(* Let $\varphi = \varphi(a,n): A \times \mathbb{N}\to \mathbb{N}$ be a predicate of $\mathbf{PR}$ (i.e. $\mathrm{sign}\circ\varphi = \varphi$). If $\mathbf{PR}$ derives $\varphi(a,0) = \mathrm{true}_A(a)$, i.e. $\varphi\circ(\mathrm{id}_A,0\circ\Pi_A) = \mathrm{true}_A$, and derives $[\varphi(a,n) \Rightarrow \varphi(a,\mathrm{s}\,n)] = \mathrm{true}_{A\times\mathbb{N}}$, then $\mathbf{PR}$ derives $\varphi = \mathrm{true}_{A\times\mathbb{N}}$.
   Context: $\mathbf{PR}$ is the formal (syntactic) category defined as follows. Objects: generated from a terminal object $\mathbb{1}$ and a natural numbers object $\mathbb{N}$ by binary products. Maps: generated from $0: \mathbb{1} \to \mathbb{N}$, $\mathrm{s}: \mathbb{N}\to\mathbb{N}$, identities, terminal maps $\Pi_A$, projections $\ell,\mathrm{r}$, by composition, induced maps $(f,g)$ and iteration $f\mapsto f^\S: A\times\mathbb{N}\to A$ of endomaps; map equality is the least congruence containing the category axioms, uniqueness of maps into $\mathbb{1}$, $\ell\circ(f,g)=f$, $\mathrm{r}\circ(f,g)=g$, $(\ell h,\mathrm{r} h)=h$, $f^\S(a,0)=a$, $f^\S(a,\mathrm{s}n)=f(f^\S(a,n))$, and Freyd's uniqueness rule for initialised iterates ($h(a,0)=f(a)$ and $h(a,\mathrm{s}n)=g(h(a,n))$ imply $h=g^\S\circ(f\times\mathbb{N})$). Logic on $\mathbb{N}$: $\mathrm{true}=1=\mathrm{s}0$, $\mathrm{true}_A = 1\circ\Pi_A$; $\neg 0=1$, $\neg\mathrm{s}n=0$; $\mathrm{sign}=\neg\neg$; $x\vee y=\mathrm{sign}(x+y)$; $[x\Rightarrow y]=\neg x\vee y$. *)

(* the free (syntactic) category PR, built from terms and
   the least congruence generated by the PR axioms. *)
Set Implicit Arguments.

Inductive Obj : Type :=
| One : Obj
| NatO : Obj
| Prod : Obj -> Obj -> Obj.

Inductive Map : Obj -> Obj -> Type :=
| zero : Map One NatO
| succ : Map NatO NatO
| idm : forall A, Map A A
| bang : forall A, Map A One
| lproj : forall A B, Map (Prod A B) A
| rproj : forall A B, Map (Prod A B) B
| comp : forall A B C, Map B C -> Map A B -> Map A C
| pair : forall C A B, Map C A -> Map C B -> Map C (Prod A B)
| iter : forall A, Map A A -> Map (Prod A NatO) A.

Arguments idm {A}.
Arguments bang {A}.
Arguments lproj {A B}.
Arguments rproj {A B}.

Definition crossN {A B} (f : Map A B) : Map (Prod A NatO) (Prod B NatO) :=
  pair (comp f lproj) rproj.

Definition idxs {A} : Map (Prod A NatO) (Prod A NatO) :=
  pair lproj (comp succ rproj).

Definition at0 {A} : Map A (Prod A NatO) := pair idm (comp zero bang).

Inductive Eqv : forall A B, Map A B -> Map A B -> Prop :=
| eqv_refl : forall A B (f : Map A B), Eqv f f
| eqv_sym : forall A B (f g : Map A B), Eqv f g -> Eqv g f
| eqv_trans : forall A B (f g h : Map A B), Eqv f g -> Eqv g h -> Eqv f h
| eqv_comp : forall A B C (f f' : Map B C) (g g' : Map A B),
    Eqv f f' -> Eqv g g' -> Eqv (comp f g) (comp f' g')
| eqv_pair : forall C A B (f f' : Map C A) (g g' : Map C B),
    Eqv f f' -> Eqv g g' -> Eqv (pair f g) (pair f' g')
| eqv_iter : forall A (f f' : Map A A), Eqv f f' -> Eqv (iter f) (iter f')
| eqv_idl : forall A B (f : Map A B), Eqv (comp idm f) f
| eqv_idr : forall A B (f : Map A B), Eqv (comp f idm) f
| eqv_assoc : forall A B C D (f : Map C D) (g : Map B C) (h : Map A B),
    Eqv (comp f (comp g h)) (comp (comp f g) h)
| eqv_terminal : forall A (f : Map A One), Eqv f bang
| eqv_lpair : forall C A B (f : Map C A) (g : Map C B), Eqv (comp lproj (pair f g)) f
| eqv_rpair : forall C A B (f : Map C A) (g : Map C B), Eqv (comp rproj (pair f g)) g
| eqv_pair_eta : forall C A B (h : Map C (Prod A B)),
    Eqv (pair (comp lproj h) (comp rproj h)) h
| eqv_iter0 : forall A (f : Map A A), Eqv (comp (iter f) at0) idm
| eqv_iterS : forall A (f : Map A A), Eqv (comp (iter f) idxs) (comp f (iter f))
| eqv_freyd : forall A B (f : Map A B) (g : Map B B) (h : Map (Prod A NatO) B),
    Eqv (comp h at0) f -> Eqv (comp h idxs) (comp g h) ->
    Eqv h (comp (iter g) (crossN f)).

Definition oneN : Map One NatO := comp succ zero.
Definition trueM (A : Obj) : Map A NatO := comp oneN (@bang A).
(* neg: neg 0 = 1, neg (s n) = 0; defined as (0 o Pi_N)^S o (1 o Pi_N, id_N) *)
Definition negM : Map NatO NatO :=
  comp (iter (comp zero (@bang NatO))) (pair (comp oneN (@bang NatO)) idm).
Definition signM : Map NatO NatO := comp negM negM.
Definition plusM : Map (Prod NatO NatO) NatO := iter succ.
Definition orM {C} (x y : Map C NatO) : Map C NatO :=
  comp signM (comp plusM (pair x y)).
Definition impM {C} (x y : Map C NatO) : Map C NatO := orM (comp negM x) y.

(* Put psi := phi o (id_A x s), i.e. psi(a,n) = phi(a,s n).  Both phi
   and true_{A x N} agree at n = 0 and obey one and the same recurrence
       b(a, s n) = G((a,n), b(a,n)),   G(x, b) := not[b => psi x] \/ psi x.
   For b = phi the hypothesis [phi => psi] = true makes G(x, phi x) =
   false \/ psi x = sign (psi x) = psi x; for b = true we get
   G(x, true) = not(sign (psi x)) \/ psi x, which is true by a form of the
   excluded middle proved by induction on N.  Since recursion with access to
   the parameter has unique solutions (a consequence of Freyd's uniqueness
   rule for initialised iterates), phi = true. *)

From Stdlib Require Import Setoid Morphisms.

#[local] Instance Eqv_Equiv A B : Equivalence (@Eqv A B).
Proof. split; red; intros; eauto using eqv_refl, eqv_sym, eqv_trans. Qed.

#[local] Instance comp_Proper A B C :
  Proper (@Eqv B C ==> @Eqv A B ==> @Eqv A C) (@comp A B C).
Proof. repeat red; intros; apply eqv_comp; auto. Qed.

#[local] Instance pair_Proper C A B :
  Proper (@Eqv C A ==> @Eqv C B ==> @Eqv C (Prod A B)) (@pair C A B).
Proof. repeat red; intros; apply eqv_pair; auto. Qed.

#[local] Instance crossN_Proper A B : Proper (@Eqv A B ==> @Eqv _ _) (@crossN A B).
Proof. repeat red; intros; unfold crossN; rewrite H; reflexivity. Qed.

#[local] Instance orM_Proper C :
  Proper (@Eqv C NatO ==> @Eqv C NatO ==> @Eqv C NatO) (@orM C).
Proof. repeat red; intros; unfold orM; rewrite H, H0; reflexivity. Qed.

#[local] Instance impM_Proper C :
  Proper (@Eqv C NatO ==> @Eqv C NatO ==> @Eqv C NatO) (@impM C).
Proof. repeat red; intros; unfold impM; rewrite H, H0; reflexivity. Qed.

Lemma assoc A B C D (f : Map C D) (g : Map B C) (h : Map A B) :
  Eqv (comp f (comp g h)) (comp (comp f g) h).
Proof. apply eqv_assoc. Qed.

Lemma pair_comp D C A B (f : Map C A) (g : Map C B) (h : Map D C) :
  Eqv (comp (pair f g) h) (pair (comp f h) (comp g h)).
Proof.
  rewrite <- (eqv_pair_eta (comp (pair f g) h)).
  rewrite !assoc, eqv_lpair, eqv_rpair. reflexivity.
Qed.

Lemma zero_const_comp A B (f : Map A B) :
  Eqv (comp (comp zero bang) f) (comp zero bang).
Proof. rewrite <- assoc, eqv_terminal. reflexivity. Qed.

Lemma trueM_comp A B (f : Map A B) : Eqv (comp (trueM B) f) (trueM A).
Proof. unfold trueM. rewrite <- assoc, eqv_terminal. reflexivity. Qed.

Lemma zero_const : Eqv zero (comp zero (@bang One)).
Proof. rewrite <- (eqv_terminal (@idm One)), eqv_idr. reflexivity. Qed.

Lemma iter_zero C A (f : Map A A) (u : Map C A) :
  Eqv (comp (iter f) (pair u (comp zero bang))) u.
Proof.
  transitivity (comp (iter f) (comp at0 u)).
  - unfold at0. rewrite pair_comp, eqv_idl, zero_const_comp. reflexivity.
  - rewrite assoc, eqv_iter0, eqv_idl. reflexivity.
Qed.

Lemma iter_succ C A (f : Map A A) (u : Map C A) (n : Map C NatO) :
  Eqv (comp (iter f) (pair u (comp succ n))) (comp f (comp (iter f) (pair u n))).
Proof.
  transitivity (comp (iter f) (comp idxs (pair u n))).
  - unfold idxs. rewrite pair_comp, eqv_lpair, <- assoc, eqv_rpair. reflexivity.
  - rewrite assoc, eqv_iterS, <- assoc. reflexivity.
Qed.

(* Indeed (id, h) is the initialised iterate of x |-> (x (id x s), G x), so
   Freyd's rule determines it by its value at n = 0. *)
Lemma primrec_unique C B (G : Map (Prod (Prod C NatO) B) B)
  (h k : Map (Prod C NatO) B) :
  Eqv (comp h at0) (comp k at0) ->
  Eqv (comp h idxs) (comp G (pair idm h)) ->
  Eqv (comp k idxs) (comp G (pair idm k)) -> Eqv h k.
Proof.
  intros Hinit Hh Hk.
  set (T := pair (comp idxs lproj) G).
  assert (Hgraph : forall x : Map (Prod C NatO) B,
    Eqv (comp x idxs) (comp G (pair idm x)) ->
    Eqv (pair idm x) (comp (iter T) (crossN (comp (pair idm x) at0)))).
  { intros x Hx. apply eqv_freyd; [reflexivity|]. unfold T.
    rewrite !pair_comp, Hx, <- assoc, eqv_lpair, eqv_idl, eqv_idr. reflexivity. }
  rewrite <- (eqv_rpair idm h), <- (eqv_rpair idm k).
  rewrite (Hgraph h Hh), (Hgraph k Hk), !pair_comp, Hinit. reflexivity.
Qed.

Lemma natrec_unique B (K : Map B B) (h k : Map NatO B) :
  Eqv (comp h zero) (comp k zero) ->
  Eqv (comp h succ) (comp K h) -> Eqv (comp k succ) (comp K k) -> Eqv h k.
Proof.
  intros Hinit Hh Hk.
  assert (R0 : Eqv (comp (@rproj One NatO) at0) zero).
  { unfold at0. rewrite eqv_rpair, <- zero_const. reflexivity. }
  assert (RS : Eqv (comp (@rproj One NatO) idxs) (comp succ rproj)).
  { unfold idxs. rewrite eqv_rpair. reflexivity. }
  assert (Hproj : Eqv (comp h (@rproj One NatO)) (comp k rproj)).
  { apply (@primrec_unique One B (comp K rproj)).
    - rewrite <- !assoc, R0. exact Hinit.
    - rewrite <- !assoc, RS, assoc, Hh, <- assoc, eqv_rpair. reflexivity.
    - rewrite <- !assoc, RS, assoc, Hk, <- assoc, eqv_rpair. reflexivity. }
  rewrite <- (eqv_idr h), <- (eqv_idr k).
  rewrite <- (eqv_rpair (@bang NatO) idm), !assoc, Hproj. reflexivity.
Qed.

Lemma trueM_succ C : Eqv (trueM C) (comp succ (comp zero (@bang C))).
Proof. unfold trueM, oneN. rewrite assoc. reflexivity. Qed.

Lemma negM_iter C (m : Map C NatO) :
  Eqv (comp negM m) (comp (iter (comp zero bang)) (pair (trueM C) m)).
Proof.
  unfold negM. rewrite <- assoc, pair_comp, eqv_idl.
  fold (trueM NatO). rewrite trueM_comp. reflexivity.
Qed.

Lemma neg_zero C : Eqv (comp negM (comp zero (@bang C))) (trueM C).
Proof. rewrite negM_iter, iter_zero. reflexivity. Qed.

Lemma neg_succ C (n : Map C NatO) :
  Eqv (comp negM (comp succ n)) (comp zero (@bang C)).
Proof. rewrite negM_iter, iter_succ, zero_const_comp. reflexivity. Qed.

Lemma neg_true C : Eqv (comp negM (trueM C)) (comp zero (@bang C)).
Proof. rewrite trueM_succ, neg_succ. reflexivity. Qed.

Lemma sign_zero C : Eqv (comp signM (comp zero (@bang C))) (comp zero (@bang C)).
Proof. unfold signM. rewrite <- assoc, neg_zero, neg_true. reflexivity. Qed.

Lemma sign_succ C (n : Map C NatO) : Eqv (comp signM (comp succ n)) (trueM C).
Proof. unfold signM. rewrite <- assoc, neg_succ, neg_zero. reflexivity. Qed.

Lemma sign_true C : Eqv (comp signM (trueM C)) (trueM C).
Proof. rewrite (trueM_succ C) at 1. rewrite sign_succ. reflexivity. Qed.

Lemma plus_zero_left_generic :
  Eqv (comp plusM (pair (comp zero (@bang NatO)) idm)) idm.
Proof.
  apply (@natrec_unique NatO succ).
  - rewrite <- assoc, pair_comp, zero_const_comp, eqv_idl.
    rewrite zero_const at 2.
    unfold plusM. rewrite iter_zero, <- zero_const. reflexivity.
  - rewrite <- assoc, pair_comp, zero_const_comp, eqv_idl.
    rewrite <- (eqv_idr succ) at 1.
    unfold plusM. rewrite iter_succ. reflexivity.
  - rewrite eqv_idl, eqv_idr. reflexivity.
Qed.

Lemma plus_zero_left C (y : Map C NatO) :
  Eqv (comp plusM (pair (comp zero (@bang C)) y)) y.
Proof.
  transitivity (comp (comp plusM (pair (comp zero (@bang NatO)) idm)) y).
  - rewrite <- assoc, pair_comp, zero_const_comp, eqv_idl. reflexivity.
  - rewrite plus_zero_left_generic, eqv_idl. reflexivity.
Qed.

Lemma orM_comp D C (x y : Map C NatO) (h : Map D C) :
  Eqv (comp (orM x y) h) (orM (comp x h) (comp y h)).
Proof. unfold orM. rewrite <- !assoc, pair_comp. reflexivity. Qed.

Lemma impM_comp D C (x y : Map C NatO) (h : Map D C) :
  Eqv (comp (impM x y) h) (impM (comp x h) (comp y h)).
Proof. unfold impM. rewrite orM_comp, <- assoc. reflexivity. Qed.

Lemma or_false_left C (y : Map C NatO) :
  Eqv (orM (comp zero bang) y) (comp signM y).
Proof. unfold orM. rewrite plus_zero_left. reflexivity. Qed.

Lemma imp_true_left C (y : Map C NatO) :
  Eqv (impM (trueM C) y) (comp signM y).
Proof. unfold impM. rewrite neg_true, or_false_left. reflexivity. Qed.

Lemma excluded_middle_generic :
  Eqv (orM (comp negM (comp signM idm)) idm) (trueM NatO).
Proof.
  apply (@natrec_unique NatO (trueM NatO)).
  - rewrite trueM_comp, orM_comp, <- !assoc, eqv_idl, zero_const, sign_zero,
      neg_zero.
    unfold orM, plusM. rewrite iter_zero, sign_true. reflexivity.
  - rewrite trueM_comp, orM_comp, <- !assoc, eqv_idl.
    rewrite <- (eqv_idr succ) at 2.
    unfold orM, plusM. rewrite iter_succ, sign_succ. reflexivity.
  - rewrite !trueM_comp. reflexivity.
Qed.

Lemma excluded_middle C (x : Map C NatO) :
  Eqv (orM (comp negM (comp signM x)) x) (trueM C).
Proof.
  rewrite <- (trueM_comp _ _ x), <- excluded_middle_generic, orM_comp,
    <- !assoc, eqv_idl. reflexivity.
Qed.

(* The common step of phi and true: G(x, b) = not[b => psi x] \/ psi x. *)
Definition induction_step {C} (psi : Map C NatO) : Map (Prod C NatO) NatO :=
  orM (comp negM (impM rproj (comp psi lproj))) (comp psi lproj).

Lemma induction_step_at C (psi b : Map C NatO) :
  Eqv (comp (induction_step psi) (pair idm b)) (orM (comp negM (impM b psi)) psi).
Proof.
  unfold induction_step.
  rewrite orM_comp, <- assoc, impM_comp, eqv_rpair, <- !assoc, eqv_lpair, eqv_idr.
  reflexivity.
Qed.

Theorem mainTheorem4 (A : Obj) (phi : Map (Prod A NatO) NatO) :
  Eqv (comp signM phi) phi ->
  Eqv (comp phi at0) (trueM A) ->
  Eqv (impM phi (comp phi idxs)) (trueM (Prod A NatO)) ->
  Eqv phi (trueM (Prod A NatO)).
Proof.
  intros Hpred Hbase Hstep.
  set (psi := comp phi idxs) in *.
  assert (Hpsi : Eqv (comp signM psi) psi).
  { unfold psi. rewrite assoc, Hpred. reflexivity. }
  apply (@primrec_unique A NatO (induction_step psi)).
  - rewrite Hbase, trueM_comp. reflexivity.
  - rewrite induction_step_at, Hstep, neg_true, or_false_left, Hpsi.
    reflexivity.
  - rewrite induction_step_at, imp_true_left, excluded_middle, trueM_comp.
    reflexivity.
Qed.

_Exercise prompt_:
Please count how many lines in the preceding records hold the word "repeat", then give only that number.

_The completed task_:
5